- SUPPLIED MATERIAL -

• • •

(* Let $(\Omega,\mathcal{S},\mu)$ and $(\Omega_i,\mathcal{S}_i,\mu_i)$, $i=1,\dots,k$, be measure spaces and $\phi_i\colon\Omega\to\Omega_i$ measurable maps such that the pushforward of $\mu$ by $\phi_i$ is absolutely continuous with respect to $\mu_i$. Let $c_i>0$, $\theta_i>0$ with $\sum_i\theta_i=1$, $0<p\le1$, and define $p_i$ by $c_i\left(1-\frac1p\right)=\theta_i\left(1-\frac1{p_i}\right)$. If there is a finite constant $\mathcal{C}$ such that $$\int_\Omega\prod_{i=1}^kf_i(\phi_i(x))^{c_i}\,d\mu(x)\le\mathcal{C}\prod_{i=1}^k\left(\int_{\Omega_i}f_i\,d\mu_i\right)^{c_i}$$ for all non-negative measurable $f_i$ on $\Omega_i$, then $$\|f\|_{L^p(d\mu)}\le\mathcal{C}^{\frac1p-1}\prod_{i=1}^k\|(\phi_i)_*f\|_{L^{p_i}(d\mu_i)}^{\theta_i}$$ for all non-negative measurable $f$ on $\Omega$.
   Context: For non-negative measurable $f$ on $\Omega$, the pushforward $(\phi_i)_*f\colon\Omega_i\to[0,\infty]$ is defined by $\int_{\Omega_i}(\phi_i)_*f\,g\,d\mu_i=\int_\Omega f\,(g\circ\phi_i)\,d\mu$ for all non-negative measurable $g$ on $\Omega_i$. *)

From HB Require Import structures.
From mathcomp Require Import all_boot all_order all_algebra.
From mathcomp Require Import all_classical all_reals all_analysis measurable_realfun.
Set Implicit Arguments. Unset Strict Implicit. Unset Printing Implicit Defensive.
Import Order.TTheory GRing.Theory Num.Theory.
Local Open Scope classical_set_scope.
Local Open Scope ring_scope.
Local Open Scope ereal_scope.

Definition nonneg_mfun d (T : measurableType d) (R : realType) (f : T -> \bar R) :=
  measurable_fun [set: T] f /\ (forall x, 0 <= f x).

(* F is the pushforward (phi)_* f of f : Omega -> [0,oo] along phi, in the sense
   int_{Omega_i} F g dmu_i = int_Omega f (g o phi) dmu for all non-negative
   measurable g on Omega_i *)
Definition is_pushforward d d' (T : measurableType d) (U : measurableType d')
  (R : realType) (mu : {measure set T -> \bar R}) (nu : {measure set U -> \bar R})
  (phi : T -> U) (f : T -> \bar R) (F : U -> \bar R) :=
  nonneg_mfun F /\
  forall g : U -> \bar R, nonneg_mfun g ->
    \int[nu]_y (F y * g y) = \int[mu]_x (f x * g (phi x)).

Definition Lpnorm d (T : measurableType d) (R : realType)
  (mu : {measure set T -> \bar R}) (p : R) (f : T -> \bar R) : \bar R :=
  (\int[mu]_x (f x `^ p)) `^ (p^-1).

(* For p < 1, weighted AM-GM with weights p theta_i and 1 - p gives, pointwise and
   for positive scalars lam_i, nu_i with prod_i lam_i^(p theta_i) nu_i^((1-p) c_i) = 1,
     f^p <= p sum_i theta_i f lam_i (F_i o phi_i)^(p_i - 1)
            + (1 - p) prod_i (nu_i (F_i o phi_i)^p_i)^c_i;
   the relation between c_i, theta_i, p and p_i is exactly what makes the powers of
   F_i o phi_i cancel in the geometric mean. Integrating, the defining property of the
   pushforward turns the i-th integral of the sum into lam_i int F_i^p_i, and the
   hypothesis bounds the integral of the product by C prod_i (nu_i int F_i^p_i)^c_i.
   Choosing the scalars so that both terms equal K := C^(1-p) prod_i (int F_i^p_i)^(p theta_i / p_i)
   yields int f^p <= K, which is the claim raised to the power p. The cases p = 1,
   C = 0 and int F_i^p_i in {0, +oo} are degenerate. *)

From HB Require Import structures.
From mathcomp Require Import all_boot all_order all_algebra.
From mathcomp Require Import all_classical all_reals all_analysis measurable_realfun.
From mathcomp Require Import ring lra.
Import Order.TTheory GRing.Theory Num.Theory.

• • •

- TASK TO COMPLETE -
Faithfully reproduce all of the material.

- REPLY -
(* Let $(\Omega,\mathcal{S},\mu)$ and $(\Omega_i,\mathcal{S}_i,\mu_i)$, $i=1,\dots,k$, be measure spaces and $\phi_i\colon\Omega\to\Omega_i$ measurable maps such that the pushforward of $\mu$ by $\phi_i$ is absolutely continuous with respect to $\mu_i$. Let $c_i>0$, $\theta_i>0$ with $\sum_i\theta_i=1$, $0<p\le1$, and define $p_i$ by $c_i\left(1-\frac1p\right)=\theta_i\left(1-\frac1{p_i}\right)$. If there is a finite constant $\mathcal{C}$ such that $$\int_\Omega\prod_{i=1}^kf_i(\phi_i(x))^{c_i}\,d\mu(x)\le\mathcal{C}\prod_{i=1}^k\left(\int_{\Omega_i}f_i\,d\mu_i\right)^{c_i}$$ for all non-negative measurable $f_i$ on $\Omega_i$, then $$\|f\|_{L^p(d\mu)}\le\mathcal{C}^{\frac1p-1}\prod_{i=1}^k\|(\phi_i)_*f\|_{L^{p_i}(d\mu_i)}^{\theta_i}$$ for all non-negative measurable $f$ on $\Omega$.
   Context: For non-negative measurable $f$ on $\Omega$, the pushforward $(\phi_i)_*f\colon\Omega_i\to[0,\infty]$ is defined by $\int_{\Omega_i}(\phi_i)_*f\,g\,d\mu_i=\int_\Omega f\,(g\circ\phi_i)\,d\mu$ for all non-negative measurable $g$ on $\Omega_i$. *)

From HB Require Import structures.
From mathcomp Require Import all_boot all_order all_algebra.
From mathcomp Require Import all_classical all_reals all_analysis measurable_realfun.
Set Implicit Arguments. Unset Strict Implicit. Unset Printing Implicit Defensive.
Import Order.TTheory GRing.Theory Num.Theory.
Local Open Scope classical_set_scope.
Local Open Scope ring_scope.
Local Open Scope ereal_scope.

Definition nonneg_mfun d (T : measurableType d) (R : realType) (f : T -> \bar R) :=
  measurable_fun [set: T] f /\ (forall x, 0 <= f x).

(* F is the pushforward (phi)_* f of f : Omega -> [0,oo] along phi, in the sense
   int_{Omega_i} F g dmu_i = int_Omega f (g o phi) dmu for all non-negative
   measurable g on Omega_i *)
Definition is_pushforward d d' (T : measurableType d) (U : measurableType d')
  (R : realType) (mu : {measure set T -> \bar R}) (nu : {measure set U -> \bar R})
  (phi : T -> U) (f : T -> \bar R) (F : U -> \bar R) :=
  nonneg_mfun F /\
  forall g : U -> \bar R, nonneg_mfun g ->
    \int[nu]_y (F y * g y) = \int[mu]_x (f x * g (phi x)).

Definition Lpnorm d (T : measurableType d) (R : realType)
  (mu : {measure set T -> \bar R}) (p : R) (f : T -> \bar R) : \bar R :=
  (\int[mu]_x (f x `^ p)) `^ (p^-1).

(* For p < 1, weighted AM-GM with weights p theta_i and 1 - p gives, pointwise and
   for positive scalars lam_i, nu_i with prod_i lam_i^(p theta_i) nu_i^((1-p) c_i) = 1,
     f^p <= p sum_i theta_i f lam_i (F_i o phi_i)^(p_i - 1)
            + (1 - p) prod_i (nu_i (F_i o phi_i)^p_i)^c_i;
   the relation between c_i, theta_i, p and p_i is exactly what makes the powers of
   F_i o phi_i cancel in the geometric mean. Integrating, the defining property of the
   pushforward turns the i-th integral of the sum into lam_i int F_i^p_i, and the
   hypothesis bounds the integral of the product by C prod_i (nu_i int F_i^p_i)^c_i.
   Choosing the scalars so that both terms equal K := C^(1-p) prod_i (int F_i^p_i)^(p theta_i / p_i)
   yields int f^p <= K, which is the claim raised to the power p. The cases p = 1,
   C = 0 and int F_i^p_i in {0, +oo} are degenerate. *)

From HB Require Import structures.
From mathcomp Require Import all_boot all_order all_algebra.
From mathcomp Require Import all_classical all_reals all_analysis measurable_realfun.
From mathcomp Require Import ring lra.
Import Order.TTheory GRing.Theory Num.Theory.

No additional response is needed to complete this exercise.